I would have been sorry to see the Delaware City Plant, with all its history, sold off for parts and scrap. After all, this is pretty much the kind of refinery that some were hoping the US would build, just a few years ago: large, complex, close to major markets and outside the hurricane belt of the Gulf Coast. However, the world changed in the interim. Will it change back enough to make DCP a going concern, again, or are the taxpayers of Delaware sinking more money into a facility that is destined to be a victim of Peak Demand, as more efficient cars and more prevalent biofuels squeeze enough petroleum products out of the market to ruin the economics of all but the most-efficient, lowest-cost refineries? We should know within a few years.

Wednesday, June 17, 2009

Food vs. Fuel and Ethanol Bankruptcies

A couple of weeks ago an editorial in the Wall St. Journal called attention to a study by the Congressional Budget Office entitled, "The Impact of Ethanol Use on Food Prices and Greenhouse Gas Emissions." I finally found time to read the report and was surprised that, in addition to its main topic, it provides a useful analysis of the economics of ethanol manufacturing. Application of the CBO's rule of thumb correlating ethanol profitability to gasoline and corn prices goes a long way toward explaining the dismal current state of the industry, which has experienced a long string of bankruptcies in the last year--enough to warrant an entire conference devoted to that topic. The underlying dynamic in the ethanol sector turns out to be quite similar to one that has taught the oil refining industry some painful lessons in the last couple of decades. Potential investors in ethanol plants, conventional or even cellulosic, would do well to consider this relationship.
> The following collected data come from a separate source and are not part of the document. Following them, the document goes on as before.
Lemma connected_admissible_partition (T : finType) (e : rel T) l :
  symmetric e -> connected_graph e -> 0 < l -> l <= #|T| ->
  exists P, partition P [set: T] /\ {in P, forall A, admissible_part e l A}.
Proof.
move=> e_sym e_conn l_gt0 lT; have /card_gt0P [rho _] := leq_trans l_gt0 lT.
have parentP y (y_rho : y != rho) := andP (parent_spec (e_conn rho) y_rho).
apply: (closed_admissible_partition (h := depth (e_conn rho)) e_sym
          (parent_root (e_conn rho))) => //.
- by move=> y /parentP [].
- by move=> y /parentP [].
- by rewrite cardsT.
Qed.

Theorem lemma2p1 (C1 C2 l r : nat) (T : finType) (e : rel T) :
  0 < C1 -> 0 < C2 -> 0 < l -> 0 < r -> C2 <= C1 ->
  is_tree e ->
  (forall x : T, deg e x <= C1) ->
  #|[set x : T | C2 < deg e x]| <= r ->
  l <= #|T| ->
  exists (s : nat) (A : nat -> {set T}),
    [/\ (forall i j, i < s -> j < s -> i != j -> [disjoint A i & A j]),
        \bigcup_(i < s) A i = [set: T],
        (forall i, i < s -> induced_connected e (A i)),
        (forall i, i < s -> i < r -> l <= #|A i| <= C1 * l)
      & (forall i, i < s -> r <= i -> l <= #|A i| <= C2 * l)].
Proof.
move=> C1_gt0 C2_gt0 l_gt0 _ _ [[e_sym _] [e_conn _]] deg_le_C1 few_heavy lT.
have [P [partP admP]] := connected_admissible_partition e_sym e_conn l_gt0 lT.
have tiP := partition_trivIset partP; have /trivIsetP disjP := tiP.
have few_large : #|[set A in P | C2 * l < #|A|]| <= r.
  exact: leq_trans (card_large_admissible_parts l_gt0 C2_gt0 tiP admP) few_heavy.
have [L permL tail_small] := enum_pred_first set0 P (fun A => C2 * l < #|A|).
have memL i : i < size L -> nth set0 L i \in P.
  by move=> iL; rewrite -mem_enum -(perm_mem permL) mem_nth.
have bounds A : A \in P -> l <= #|A| <= C1 * l.
  by move=> PA; have [_ -> _] := admP A PA; apply: admissible_part_card_le (admP A PA).
exists (size L), (nth set0 L); split.
- move=> i j iL jL ij; apply: disjP; rewrite ?memL //.
  by rewrite nth_uniq // (perm_uniq permL) enum_uniq.
- rewrite -(big_mkord xpredT (nth set0 L)) -(big_nth set0 xpredT id).
  by rewrite (perm_big _ permL) big_enum; apply: cover_partition partP.
- by move=> i /memL /admP [].
- by move=> i /memL /bounds.
- move=> i iL ri; have /andP [-> _] := bounds _ (memL i iL).
  by rewrite leqNgt tail_small // (leq_trans few_large).
Qed.
(* Let $X$ be a topological space (no separation axioms assumed) that is both locally $\mathfrak{c}$ and $\mathfrak{c}$-fair, and suppose $t(x,X)<\operatorname{cf}(\mathfrak{c})$ for every $x\in X$. If $|X|>\mathfrak{c}$, then there exists a clopen subset $U$ of $X$ with $|U|=L(U)=\mathfrak{c}$.
   Context: A space $X$ is locally $\mathfrak{c}$ if every point has a neighbourhood of cardinality $\le\mathfrak{c}$. $X$ is $\mathfrak{c}$-fair if the closure of every subset of $X$ of cardinality $\mathfrak{c}$ also has cardinality $\mathfrak{c}$. $t(x,X)$ denotes the tightness of $X$ at $x$, and $L(U)$ the Lindelöf number of $U$ (the least infinite cardinal $\lambda$ such that every open cover of $U$ has a subcover of size $\le\lambda$). *)

(* The cardinal c (continuum) is represented by
   the set [set: set nat] (|P(omega)| = 2^aleph0 = c). *)
From HB Require Import structures.
From mathcomp Require Import all_boot all_order all_algebra.
From mathcomp Require Import all_classical all_reals all_analysis.
Set Implicit Arguments. Unset Strict Implicit. Unset Printing Implicit Defensive.
Local Open Scope classical_set_scope.
Local Open Scope card_scope.

Definition cont : set (set nat) := [set: set nat].

Definition locally_c (T : topologicalType) : Prop :=
  forall x : T, exists N : set T, nbhs x N /\ N #<= cont.

Definition c_fair (T : topologicalType) : Prop :=
  forall A : set T, A #= cont -> closure A #= cont.

Definition tightness_le (T : topologicalType) (x : T) {U} (K : set U) : Prop :=
  forall A : set T, closure A x ->
    exists B : set T, B `<=` A /\ B #<= K /\ closure B x.

(* |K| < cf(c) : c is not the union of a K-indexed family of sets each of
   cardinality < c *)
Definition lt_cf_cont {U} (K : set U) : Prop :=
  ~ exists F : U -> set (set nat),
      (forall k, K k -> ~ (cont #<= F k)) /\ \bigcup_(k in K) F k = cont.

Definition tightness_lt_cf_cont (T : topologicalType) (x : T) : Prop :=
  exists K : set (set nat), lt_cf_cont K /\ tightness_le x K.

Definition lindelof_le (T : topologicalType) (U : set T) {V} (K : set V) : Prop :=
  forall C : set (set T), (forall W, C W -> open W) ->
    U `<=` \bigcup_(W in C) W ->
    exists D : set (set T), D `<=` C /\ D #<= K /\ U `<=` \bigcup_(W in D) W.

Definition lindelof_number_eq_cont (T : topologicalType) (U : set T) : Prop :=
  lindelof_le U cont /\
  ~ (exists K : set (set nat), ~ (cont #<= K) /\ [set: nat] #<= K /\ lindelof_le U K).

From HB Require Import structures.
From mathcomp Require Import all_boot all_order all_algebra.
From mathcomp Require Import all_classical all_reals all_analysis.
From mathcomp Require Import wochoice.
Local Open Scope classical_set_scope.
Local Open Scope card_scope.

Set Implicit Arguments. Unset Strict Implicit. Unset Printing Implicit Defensive.

(* Index stages by the initial ordinal C of c and build an increasing tower
   of closed sets Q_t: Q_t is the closure of a fixed set of size c, of the
   small open neighbourhoods of all points of earlier stages, and of a point
   outside all earlier stages.  Since X is c-fair each Q_t has size c, and
   since |X| > c the new point always exists.  The union U of the tower is
   open because each point of Q_s has its neighbourhood inside every later
   stage and C has no last element, and closed because, by tightness
   < cf(c), a point of the closure of U is in the closure of fewer than cf(c)
   points, all lying in one stage.  Finally |U| = c, and for lambda < c some
   sub-tower J is closed under upper bounds of lambda-sized sets; covering U
   by the neighbourhood sets of the stages of J and the complement of the
   (closed) union of J gives a cover with no subcover of size lambda, since
   lambda of its members lie below some stage of J and miss the new point of
   a later one. *)

(** * Cardinal arithmetic *)

Lemma card_le_of_inj T U (A : set T) (B : set U) (f : T -> U) :
  (forall a, A a -> B (f a)) ->
  (forall a b, A a -> A b -> f a = f b -> a = b) -> A #<= B.
Proof.
move=> fAB finj.
have fA : f @` A #= A.
  by apply: inj_card_eq => a b /set_mem Aa /set_mem Ab; exact: finj.
apply: (@card_le_trans _ _ _ (f @` A)); first by move: fA => /card_esym/card_eqPle[].
by apply: subset_card_le => _ [a Aa <-]; exact: fAB.
Qed.

Lemma card_le_inj T U (u0 : U) (A : set T) (B : set U) : A #<= B ->
  exists f : T -> U, (forall a, A a -> B (f a)) /\
    (forall a b, A a -> A b -> f a = f b -> a = b).
Proof.
move: u0 B; elim/Ppointed: U => U u0 B; first by have [] := (any u0 : False).
move=> /pcard_leP/injfunPex[f fAB finj]; exists f; split; first exact: fAB.
by move=> a b Aa Ab; apply: finj; rewrite inE.
Qed.

Lemma card_le_nonempty T U (A : set T) (B : set U) : A #<= B -> A !=set0 -> B !=set0.
Proof.
move=> AB [a Aa]; apply/set0P/eqP => B0; move: AB; rewrite B0 => /card_le0P A0.
by move: Aa; rewrite A0.
Qed.

Lemma set1_card_le T U (x : T) (B : set U) : B !=set0 -> [set x] #<= B.
Proof. by move=> [b Bb]; apply: (@card_le_of_inj _ _ _ _ (fun=> b)) => // a a' -> ->. Qed.

Lemma card_le_setX T T' U U' (A : set T) (A' : set T') (B : set U) (B' : set U') :
  A #<= A' -> B #<= B' -> A `*` B #<= A' `*` B'.
Proof.
move=> AA BB.
have [->|/set0P AN] := eqVneq A set0; first by rewrite set0X; exact: card_ge0.
have [->|/set0P BN] := eqVneq B set0; first by rewrite setX0; exact: card_ge0.
have [a' _] := card_le_nonempty AA AN; have [b' _] := card_le_nonempty BB BN.
have [f [fA finj]] := card_le_inj a' AA; have [g [gB ginj]] := card_le_inj b' BB.
apply: (@card_le_of_inj _ _ _ _ (fun p => (f p.1, g p.2))).
  by move=> [a b] [/= Aa Bb]; split; [exact: fA|exact: gB].
move=> [a b] [c d] [/= Aa Bb] [/= Ac Bd] [/finj-> // /ginj-> //].
Qed.

Section PartialBijections.
Variables (T U : Type) (A : set T) (B : set U).

Definition partial_bij (G : set (T * U)) := [/\ G `<=` A `*` B,
  forall a b b', G (a, b) -> G (a, b') -> b = b' &
  forall a a' b, G (a, b) -> G (a', b) -> a = a'].

Lemma partial_bij_card_le G : partial_bij G ->
  (forall a, A a -> exists b, G (a, b)) -> A #<= B.
Proof.
move=> [GAB Gf Gi] Gtot.
have [->|/set0P[a0 /Gtot[b0 _]]] := eqVneq A set0; first exact: card_ge0.
have /choice[f hf] : forall a, exists b, A a -> G (a, b).
  by move=> a; have [/Gtot[b Gab]|nAa] := pselect (A a); [exists b|exists b0].
apply: (@card_le_of_inj _ _ _ _ f); first by move=> a /hf/GAB[].
by move=> a a' /hf Ga /hf Ga' fa; apply: (Gi _ _ (f a)) => //; rewrite fa.
Qed.

End PartialBijections.

Lemma partial_bij_swap T U (A : set T) (B : set U) G :
  partial_bij A B G -> partial_bij B A [set q | G (q.2, q.1)].
Proof.
move=> [GAB Gf Gi]; split; last 2 first.
- by move=> b a a' /= Gab Ga'b; exact: Gi Gab Ga'b.
- by move=> b b' a /= Gab Gab'; exact: Gf Gab Gab'.
by move=> [b a] /GAB[].
Qed.

Lemma card_le_total T U (A : set T) (B : set U) : A #<= B \/ B #<= A.
Proof.
have [M [[MAB Mf Mi] Mmax]] : exists M, partial_bij A B M /\
    forall G, M `<` G -> ~ partial_bij A B G.
  apply: Zorn_bigcup => F FP Ftot; split.
  - by move=> p [G /FP[+ _ _] Gp]; apply.
  - move=> a b b' [G1 F1 G1ab] [G2 F2 G2ab'].
    have [s12|s21] := Ftot _ _ F1 F2.
      by have [_ f _] := FP _ F2; apply: f (s12 _ G1ab) G2ab'.
    by have [_ f _] := FP _ F1; apply: f G1ab (s21 _ G2ab').
  - move=> a a' b [G1 F1 G1ab] [G2 F2 G2ab'].
    have [s12|s21] := Ftot _ _ F1 F2.
      by have [_ _ f] := FP _ F2; apply: f (s12 _ G1ab) G2ab'.
    by have [_ _ f] := FP _ F1; apply: f G1ab (s21 _ G2ab').
have [Atot|] := pselect (forall a, A a -> exists b, M (a, b)).
  by left; apply: partial_bij_card_le Atot.
move=> /existsNP[a1 /not_implyP[Aa1 /forallNP a1_free]]; right.
apply: (partial_bij_card_le (partial_bij_swap (And3 MAB Mf Mi))) => b1 Bb1.
apply: contrapT => /forallNP b1_free; apply: (Mmax (M `|` [set (a1, b1)])).
  split; first by move=> p Mp; left.
  by move=> /(_ (a1, b1)) M_a1b1; apply: (a1_free b1); apply: M_a1b1; right.
split.
- by move=> p [/MAB//|->].
- move=> a b b' [Mab|[? ?]] [Mab'|[? ?]]; subst => //.
  + exact: Mf Mab Mab'.
  + by have := a1_free b.
  + by have := a1_free b'.
- move=> a a' b [Mab|[? ?]] [Ma'b|[? ?]]; subst => //.
  + exact: Mi Mab Ma'b.
  + by have := b1_free a.
  + by have := b1_free a'.
Qed.

Lemma bigcup_card_le_sq I T W (K : set W) (S : set I) (F : I -> set T) :
  K `*` K #<= K -> S #<= K -> (forall i, S i -> F i #<= K) ->
  \bigcup_(i in S) F i #<= K.
Proof.
move=> KK SK FK.
have [->|/set0P[i0 Si0]] := eqVneq S set0; first by rewrite bigcup_set0; exact: card_ge0.
have [w0 _] := card_le_nonempty SK (ex_intro _ i0 Si0).
have [e [eK einj]] := card_le_inj w0 SK.
have /choice[g hg] : forall i, exists g : T -> W, S i ->
    (forall z, F i z -> K (g z)) /\ (forall a b, F i a -> F i b -> g a = g b -> a = b).
  move=> i; have [Si|] := pselect (S i); last by exists (fun=> w0).
  by have [g hg] := card_le_inj w0 (FK i Si); exists g.
have /choice[s hs] : forall z, exists i, (\bigcup_(i in S) F i) z -> S i /\ F i z.
  move=> z; have [[i Si Fiz]|] := pselect ((\bigcup_(i in S) F i) z); first by exists i.
  by exists i0.
apply: (card_le_trans _ KK).
apply: (@card_le_of_inj _ _ _ _ (fun z => (e (s z), g (s z) z))).
  move=> z /hs[Ss Fs]; split; first exact: eK.
  by have [+ _] := hg _ Ss; apply.
move=> a b /hs[Sa Fa] /hs[Sb Fb] [/einj-/(_ Sa Sb) sab gab].
have [_ ginj] := hg _ Sa; rewrite -sab in Fb gab; exact: ginj.
Qed.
The CBO study's headline findings merit more attention than they have received in the media, considering the intensity of the food vs. fuel controversy this time last year. We truly have the attention spans of ferrets, these days. The CBO examined the effect of rapidly rising ethanol production on the supply and demand for corn in all its uses, along with the relationship between corn prices and broader food prices, and the impact of energy prices on both. They concluded that between April 2007 and April 2008, ethanol accounted for 10-15% of the increase in food prices in that period. Even considering only the resulting increase in the cost of federal food assistance programs, that added an extra $600-900 million to the roughly $4.6 billion in direct ethanol blending subsidies paid out by the federal government last year. The Journal estimated the additional cost to consumers at between $5.5 and $8.8 billion. If you add those figures together and divide by the 9 billion gallons of ethanol produced in US distilleries in 2008, the hidden cost of every gallon of ethanol that comes out of a gasoline dispenser averages around $1.40.

Even more remarkably, despite this sizable "externality" and the truly extraordinary five-year growth run of the industry, ethanol processing appears to be a miserable, wealth-destroying business for its owners. The CBO report explains this in a text box starting on page 4, which concludes that unless the retail price of gasoline exceeds 90% of the price of corn before factoring in ethanol subsidies, or 70% after subsidies, an ethanol plant cannot cover its fixed and variable costs and turn a profit. The box includes a chart showing the precipitous decline of that ratio since 2005, from a high above 1.0 to below 0.6. When I calculated the current ratio based on this week's average retail gasoline price and yesterday's Chicago Board of Trade prompt corn contract, I came up with a figure of 0.65. That's still below breakeven, despite the recent spike in gasoline prices.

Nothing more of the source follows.